Pic Credits: Hidden Technical Debt in Machine Learning (authors)
Usually in the production systems, it so happens that it is ~20% Machine Learning and ~80% is Software Engineering code.
With traditional and mundane ways of working, tools and lack of process driven software development. It takes a whole lot of non-ML coding and plumbing to set up a production-ready system.
As more and more machine-learned services make their way into software applications, which themselves are part of business processes, robust life cycle management of these machine-learned models becomes critical for ensuring the integrity of business processes that rely on them. On top of this, According to Gartner, companies struggle to operationalize machine learning models:
“The Gartner Data Science Team Survey of January 2018 found that over 60% of models developed to operationalize them were never actually operationalized.”
So how do we systematically approach this hidden technical debt in Machine Learning? By implementing Machine Learning lifecycle management in your operations.
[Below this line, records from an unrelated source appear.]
Lemma derivable_pt_lim_exp_scal k x :
  derivable_pt_lim (fun t => exp (k * t)) x (k * exp (k * x)).
Proof. apply is_derive_Reals; auto_derive; [auto | ring]. Qed.

Lemma nonpos_derivative_le_initial (f f' : R -> R) t :
  0 <= t -> clamp_continuous f ->
  (forall x, 0 < x < t -> derivable_pt_lim f x (f' x)) ->
  (forall x, 0 < x < t -> f' x <= 0) -> f t <= f 0.
Proof.
  intros Ht Hc Hd Hneg.
  set (g := fun y => f (Rmax 0 y)).
  set (dg := fun x => if Rlt_dec 0 x then if Rlt_dec x t then f' x else 0 else 0).
  destruct (MVT_gen g 0 t dg) as [c [Hct E]].
  - intros x Hx; rewrite Rmin_left in Hx by lra; rewrite Rmax_right in Hx by lra.
    unfold dg; destruct (Rlt_dec 0 x); [| lra]; destruct (Rlt_dec x t); [| lra].
    apply (is_derive_ext_loc f); [| apply is_derive_Reals, Hd; lra].
    exists (mkposreal x (proj1 Hx)); intros y Hy.
    change (Rabs (y - x) < x) in Hy; apply Rabs_def2 in Hy.
    unfold g; rewrite Rmax_right by lra; reflexivity.
  - intros x _; apply Hc.
  - unfold g in E; rewrite (Rmax_right 0 t), (Rmax_left 0 0) in E by lra.
    assert (dg c <= 0).
    { unfold dg; destruct (Rlt_dec 0 c); [| lra]; destruct (Rlt_dec c t); [| lra].
      apply Hneg; lra. }
    nra.
Qed.

Lemma le_of_linear_decay (y u : R -> R) (k m : R) :
  0 < k -> clamp_continuous y -> y 0 <= m / k ->
  (forall x, 0 < x -> derivable_pt_lim y x (- k * y x + u x)) ->
  (forall x, 0 < x -> u x <= m) ->
  forall t, 0 <= t -> y t <= m / k.
Proof.
  intros Hk Hc H0 Hd Hu t Ht.
  assert (Hg : exp (k * t) * (y t - m / k) <= exp (k * 0) * (y 0 - m / k)).
  { apply (nonpos_derivative_le_initial (fun x => exp (k * x) * (y x - m / k))
             (fun x => exp (k * x) * (u x - m))); [exact Ht | | |].
    - apply clamp_continuous_mult; [apply clamp_continuous_exp |].
      apply clamp_continuous_minus; [exact Hc | apply clamp_continuous_const].
    - intros x Hx.
      replace (exp (k * x) * (u x - m)) with
        (k * exp (k * x) * (y x - m / k) + exp (k * x) * ((- k * y x + u x) - 0))
        by (field; lra).
      apply (derivable_pt_lim_mult (fun x => exp (k * x)) (fun x => y x - m / k));
        [apply derivable_pt_lim_exp_scal |].
      apply (derivable_pt_lim_minus y (fun _ => m / k));
        [apply Hd; lra | apply derivable_pt_lim_const].
    - intros x Hx; pose proof (exp_pos (k * x)); specialize (Hu x ltac:(lra)); nra. }
  rewrite Rmult_0_r, exp_0 in Hg; pose proof (exp_pos (k * t)); nra.
Qed.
Machine Learning lifecycle management is an efficient way of working for building, deploying, and managing machine learning models critical for ensuring the integrity of business processes.
This way of working can take your team to high performance mode. But first make sure the foundations are right, the key is to make sure your AI strategy is well aligned with your culture and business strategy and AI is systematically integrated into your business with a clear proof of value. On this, find more on How Enterprises will thrive in the Era of Artificial Intelligence (Credits: Dr. Christian Guttmann).
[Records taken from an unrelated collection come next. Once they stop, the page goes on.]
Lemma pow_pred_ge2 : 2 <= M.
Proof.
rewrite /M; case: eta eta_ge2 => [|[|e]] // _ /=.
by rewrite exprS ler_peMr // exprn_ege1 // ler1n.
Qed.

Lemma pow_succ_eq : (2 : R) ^+ eta.+1 = 4 * M.
Proof.
rewrite /M; case: eta eta_ge2 => [|e] // _ /=.
by rewrite !exprS mulrA -natrM.
Qed.

(* The lower bound on tau, solved for tau: tau <= (tau - 1) 2^(eta-1). *)
Lemma tau_le_scaled : tau <= (tau - 1) * M.
Proof.
have M1 : 0 < M - 1 by rewrite subr_gt0 (lt_le_trans _ pow_pred_ge2) // ltr1n.
have : 1 / (M - 1) <= tau - 1 by rewrite lerBrDl.
by rewrite ler_pdivrMr // mulrBr mulr1 lerBrDr addrC subrK.
Qed.

Lemma tau_gt1 : 1 < tau.
Proof.
have M1 : 0 < M - 1 by rewrite subr_gt0 (lt_le_trans _ pow_pred_ge2) // ltr1n.
by apply: lt_le_trans tau_ge; rewrite ltrDl divr_gt0.
Qed.

(* Radius recursion: a set of radius a/2 at scale a, merged by a greedy step of
   radius 2(a tau)/2^(eta+1), has radius at most (a tau)/2, the next scale. *)
Lemma radius_step (a : R) : 0 <= a ->
  a / 2 + 2 * (a * tau) / 2 ^+ eta.+1 <= a * tau / 2.
Proof.
move=> a_ge0; have M_gt0 : 0 < M by apply: lt_le_trans pow_pred_ge2.
have shrink : a * tau / M <= a * tau - a.
  rewrite ler_pdivrMr // mulrBl -[a * tau * M]mulrA -mulrBr.
  have -> : tau * M - M = (tau - 1) * M by rewrite mulrBl mul1r.
  by rewrite ler_wpM2l // tau_le_scaled.
have -> : 2 * (a * tau) / 2 ^+ eta.+1 = a * tau / M / 2.
  by rewrite pow_succ_eq; field; rewrite gt_eqF.
lra.
Qed.
End Scales.
Definition Jbar1 (J : 'rV[R]_n -> R) (lam : R) (X : set 'rV[R]_n)
  (y : 'rV[R]_n) : R :=
  J y + sup [set dotv (grad J y) (x - y) + lam / 2 * norm2 (x - y) ^+ 2
            | x in X].

End Defs.

(* At [xc] the quadratic model [x |-> <g, x - xc> + lam/2 |x - xc|^2], with
   [g = grad J xc], is maximised over the box at the corner [xc + dhat],
   [dhat = eps sign(g)]; hence [Jbar1 xc >= J xc + <g, dhat> + lam/2 |dhat|^2].
   At [y = xc + eta dhat], the Hessian bound along the segment [[xc, y]]
   (mean value theorem for [J] and for [<grad J, w>]) gives, for [w = x - y],
   [J y + <grad J y, w> + lam/2 |w|^2 <= J xc + <g, x - xc> + lam/2 (eta |dhat| + |w|)^2].
   For [x] in the box, [|w|] is controlled by the l1-distance [T] from [x - xc]
   to the corner [dhat], while the choice of [eta] makes the loss
   [<g, dhat> - <g, x - xc>] at least [lam eta (|dhat| + eps) T], which is
   exactly what the right-hand side needs to stay below the value at [xc]. *)

From HB Require Import structures.
From mathcomp Require Import all_boot all_order all_algebra.
From mathcomp Require Import all_classical all_reals all_analysis.
From mathcomp Require Import ring lra.
Set Implicit Arguments. Unset Strict Implicit. Unset Printing Implicit Defensive.
Import Order.TTheory GRing.Theory Num.Theory.
Import numFieldNormedType.Exports.
Local Open Scope classical_set_scope.
Local Open Scope ring_scope.

Section MeanValue.
Variable R : realType.
Implicit Types (f df : R -> R) (a b K M : R).

Lemma is_derive_mull K (t : R) : is_derive t 1 ( *%R K) K.
Proof.
by have := is_deriveZ K (@is_derive_id _ R t 1); rewrite /GRing.scale /= mulr1.
Qed.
Now, let's look at Machine Learning lifecycle management from the process and architectural point of view.
From the process point of view...
This is an overview of processes in Machine Learning lifecycle in 3 phases.
1. Code meets data (CI/CD)
This phase is developed and managed by DevOps or Machine Learning Engineer(s) and Data Engineer(s). Code meets data - is enabled by seamless capabilities of Continuous Integration and Continuous Deployment which facilitate and manage this phase.
- Source code management: Using git or other source code management(SCM) system we can manage the source code which can integrate seamlessly with CI, CD and data pipelines. All our code resides in source code management setup.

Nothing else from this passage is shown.